[4/7] Trusted Services test/demo NWd tools

diff --git a/meta-arm/recipes-security/trusted-services/libts/0001-QEMU-MM-communication-buffer-address.patch b/meta-arm/recipes-security/trusted-services/libts/0001-QEMU-MM-communication-buffer-address.patch
new file mode 100644
index 00000000..2c21e6f1
--- /dev/null
+++ b/meta-arm/recipes-security/trusted-services/libts/0001-QEMU-MM-communication-buffer-address.patch
@@ -0,0 +1,29 @@ 
+From 1fe74d7d5008aed61feb34a8d5d8b5f9144a58b2 Mon Sep 17 00:00:00 2001
+From: Anton Antonov <Anton.Antonov@arm.com>
+Date: Wed, 31 Aug 2022 16:33:13 +0100
+Subject: [PATCH] Update MM communication buffer address for qemuarm64 machine
+
+Upstream-Status: Inappropriate [qemuarm64 specific change]

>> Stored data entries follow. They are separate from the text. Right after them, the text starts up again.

Let zeta_bounds i e : e \in E ->
  [/\ 0 <= z i e, z i e <= 1, zmin u e <= z i e & z i e <= zmax u e].
Proof.
move=> eE; case: Hu => _ [_ [_ [z01 [_ [_ [_ [_ [zM zm]]]]]]]].
by have /andP[? ?] := z01 i e eE; split => //; [exact: zm | exact: zM].
Qed.

Let zmin_pos e : e \in E -> 0 < e -> 0 < zmin u e <= 1.
Proof.
move=> eE e_gt0; case: Hu => _ [_ [_ [z01 [_ [zp _]]]]].
by rewrite zp //; have /andP[] := z01 (u_imin u) e eE.
Qed.

Let cost_ge0 e : e \in E -> 0 <= lam * e.
Proof. by move=> eE; rewrite mulr_ge0 // HEnn. Qed.

(* One step of the dynamic program from state [i]: reward [c] on success,
   continuation value [w] on failure. *)
Definition bellman i (c w : R) : R :=
  maxE E (fun e => - (lam * e) + z i e * c + (1 - z i e) * w).

Lemma bellman_ge i c w : w <= bellman i c w.
Proof.
by apply: le_trans (maxE_ub _ HE0); rewrite /= zeta0 mulr0 oppr0; lra.
Qed.

Lemma bellman_le i c w : w <= c -> bellman i c w <= c.
Proof.
move=> wc; apply: maxE_le => // e eE.
have [z_ge0 z_le1 _ _] := zeta_bounds i eE; have := cost_ge0 eE.
have : 0 <= (1 - z i e) * (c - w) by rewrite mulr_ge0 // subr_ge0.
lra.
Qed.

Lemma bellman_ge_zmin i c w e L : e \in E -> L <= w -> L <= c ->
  - (lam * e) + zmin u e * c + (1 - zmin u e) * L <= bellman i c w.
Proof.
move=> eE Lw Lc; apply: le_trans (maxE_ub _ eE).
have [_ z_le1 zmin_le _] := zeta_bounds i eE.
have : 0 <= (z i e - zmin u e) * (c - L) by rewrite mulr_ge0 // subr_ge0.
have : 0 <= (1 - z i e) * (w - L) by rewrite mulr_ge0 // subr_ge0.
lra.
Qed.

Lemma bellman_le_zmax i c w m W : m <= w -> w <= c -> w <= W ->
  bellman i c w <= W + maxE E (fun e => - (lam * e) + zmax u e * (c - m)).
Proof.
move=> mw wc wW; apply: maxE_le => // e eE.
have := maxE_ub (fun e => - (lam * e) + zmax u e * (c - m)) eE.
have [z_ge0 _ _ z_le_zmax] := zeta_bounds i eE.
have : 0 <= (zmax u e - z i e) * (c - w) by rewrite mulr_ge0 // subr_ge0.
have : 0 <= zmax u e * (w - m) by rewrite mulr_ge0 ?subr_ge0 ?(le_trans z_ge0).
lra.
Qed.

Lemma VI_pre t i : (t < tau)%N -> V t.+1 i = bellman i be (EV t i).
Proof. by move=> t_lt; rewrite /= t_lt. Qed.

(* After the prediction horizon the reward drops to [p β]; at the boundary
   slot the continuation is also scaled by [p], which [Vpost] absorbs. *)
Definition Vpost (t : nat) j := if t == tau then p * V t j else V t j.

Local Notation EVpost t i := (\sum_(j : 'I_(u_K u)) u_P u i j * Vpost t j).

Lemma Vpost_tau j : Vpost tau j = p * V tau j.
Proof. by rewrite /Vpost eqxx. Qed.

Lemma Vpost_S t j : (tau <= t)%N -> Vpost t.+1 j = V t.+1 j.
Proof. by move=> le_tau_t; rewrite /Vpost gtn_eqF. Qed.

Lemma VI_post t i : (tau <= t)%N -> V t.+1 i = bellman i (p * be) (EVpost t i).
Proof.
rewrite /bellman leq_eqVlt => /orP[/eqP <-|t_gt] /=.
  rewrite ltnn eqxx; apply: eq_maxE => e.
  rewrite (eq_bigr _ (fun j _ => congr1 _ (Vpost_tau j))).
  by rewrite -[in RHS](eq_bigr _ (fun j _ => mulrCA _ _ _)) -mulr_sumr; ring.
rewrite ltnNge ltnW // eq_sym ltn_eqF //; apply: eq_maxE => e.
by rewrite /Vpost (gtn_eqF t_gt) mulrA.
Qed.

Lemma Vu_S t : Vu E lam u t.+1 = Vu E lam u t
  + maxE E (fun e => - (lam * e) + zmax u e * (be - Order.max 0 (Vl E lam u t))).
Proof. by rewrite /Vu big_nat_recr. Qed.

Lemma tVu_tau : tVu E lam u tau = p * Vu E lam u tau.
Proof. by rewrite /tVu big_geq ?add0r // addn1. Qed.

Lemma tVu_S t : (tau <= t)%N -> tVu E lam u t.+1 = tVu E lam u t
  + maxE E (fun e => - (lam * e) + zmax u e *
      (p * be - Order.max 0 (Order.max (tVl E lam u tau) (tVl E lam u t)))).
Proof. by move=> le_tau_t; rewrite /tVu big_nat_recr ?addn1 //= addrAC. Qed.
Lemma dr_vanishes_image r : dr_vanishes xi r -> dr_vanishes xi' r.
Proof.
move=> dr_xi n x' Y' x'_cocycle Y'_cocycle [C' [x'C' C'Y']].
have [x [x_cocycle xx']] := phi_cohomology_surj x'_cocycle.
have [Y [Y_cocycle YY']] := Phi_cohomology_surj Y'_cocycle.
have xC := conn_rel_mul xi x_cocycle; set C := seriesC _ in xC.
have CY : coboundary_t xi (C - tpow r.-1 Y).
  apply: Phi_coboundary_inj.
    apply/cocycle_tP; rewrite DtB Dt_tpow.
    move/cocycle_tP: (conn_rel_cocycle h2 xi_cocycle xC) ->.
    by move/cocycle_tP: Y_cocycle ->; rewrite linear0 subrr.
  have -> : Phi (C - tpow r.-1 Y) = (Phi C - C')
      + (C' - tpow r.-1 Y') - tpow r.-1 (Phi Y - Y').
    by rewrite raddfB /= (tlinear_tpow (@Phi_tmul _)) subrKA [in RHS]raddfB /= opprB subrKA.
  apply: coboundary_tB (coboundary_t_tpow _ YY').
  apply: coboundary_tD (C'Y').
  exact (conn_rel_coboundary h2 xi'_cocycle (Phi_conn_rel xC) x'C' xx').
have [Z [Z_cocycle [tZ YZ]]] := dr_xi n x Y x_cocycle Y_cocycle (ex_intro _ _ (conj xC CY)).
exists (Phi Z); split; first exact: Phi_cocycle.
split; first by rewrite -(tlinear_tpow (@Phi_tmul _)); apply: Phi_coboundary.
have := coboundaryB (phi_coboundary YZ) (coboundary_t_head YY').
by rewrite phi_sub -!Phi_at0 series_subE opprB addrC subrKA.
Qed.

Lemma dr_vanishes_preimage r : dr_vanishes xi' r -> dr_vanishes xi r.
Proof.
move=> dr_xi' n x Y x_cocycle Y_cocycle [C [xC CY]].
have CY' : coboundary_t xi' (Phi C - tpow r.-1 (Phi Y)).
  by rewrite -(tlinear_tpow (@Phi_tmul _)) -raddfB; apply: Phi_coboundary.
have [Z' [Z'_cocycle [tZ' YZ']]] := dr_xi' n (phi x) (Phi Y) (phi_cocycle x_cocycle)
  (Phi_cocycle Y_cocycle) (ex_intro _ _ (conj (Phi_conn_rel xC) CY')).
have [Z [Z_cocycle ZZ']] := Phi_cohomology_surj Z'_cocycle.
exists Z; split=> //; split.
  apply: Phi_coboundary_inj.
    by apply/cocycle_tP; move/cocycle_tP: Z_cocycle => Z_cocycle; rewrite Dt_tpow Z_cocycle linear0.
  rewrite (tlinear_tpow (@Phi_tmul _)) -[Phi Z](subrK Z') linearD /=.
  exact: coboundary_tD (coboundary_t_tpow _ ZZ') tZ'.
apply: phi_coboundary_inj.
  by rewrite /cocycle raddfB /= -(Dt_at0 xi) -(Dt_at0 xi Z) Y_cocycle Z_cocycle subrr.
have := coboundaryB YZ' (coboundary_t_head ZZ').
by rewrite phi_sub -!Phi_at0 series_subE opprB subrKA.
Qed.

Lemma dr_vanishes_transfer r : dr_vanishes xi r <-> dr_vanishes xi' r.
Proof. by split; [apply: dr_vanishes_image | apply: dr_vanishes_preimage]. Qed.

End FilteredQuasiIso.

+Signed-off-by: Anton Antonov <Anton.Antonov@arm.com>
+---
+ components/rpc/mm_communicate/caller/linux/carveout.c | 4 ++--
+ 1 file changed, 2 insertions(+), 2 deletions(-)
+
+diff --git a/components/rpc/mm_communicate/caller/linux/carveout.c b/components/rpc/mm_communicate/caller/linux/carveout.c
+index e3cdf16f..62845d30 100644
+--- a/components/rpc/mm_communicate/caller/linux/carveout.c
++++ b/components/rpc/mm_communicate/caller/linux/carveout.c
+@@ -12,8 +12,8 @@
+ #include "carveout.h"
+ 
+ /* Need to be aligned with carve-out used by StMM or smm-gateway. */
+-static const off_t carveout_pa = 0x0000000881000000;
+-static const size_t carveout_len = 0x8000;
++static const off_t carveout_pa = 0x42000000;
++static const size_t carveout_len = 0x1000;
+ 
+ int carveout_claim(uint8_t **buf, size_t *buf_size)
+ {
+-- 
+2.25.1
+
diff --git a/meta-arm/recipes-security/trusted-services/libts/tee-udev.rules b/meta-arm/recipes-security/trusted-services/libts/tee-udev.rules
new file mode 100644
index 00000000..216fe993
--- /dev/null
+++ b/meta-arm/recipes-security/trusted-services/libts/tee-udev.rules
@@ -0,0 +1,2 @@ 
+# tee devices can only be accessed by the teeclnt group members
+KERNEL=="tee[0-9]*", TAG+="systemd", MODE="0660", GROUP="teeclnt"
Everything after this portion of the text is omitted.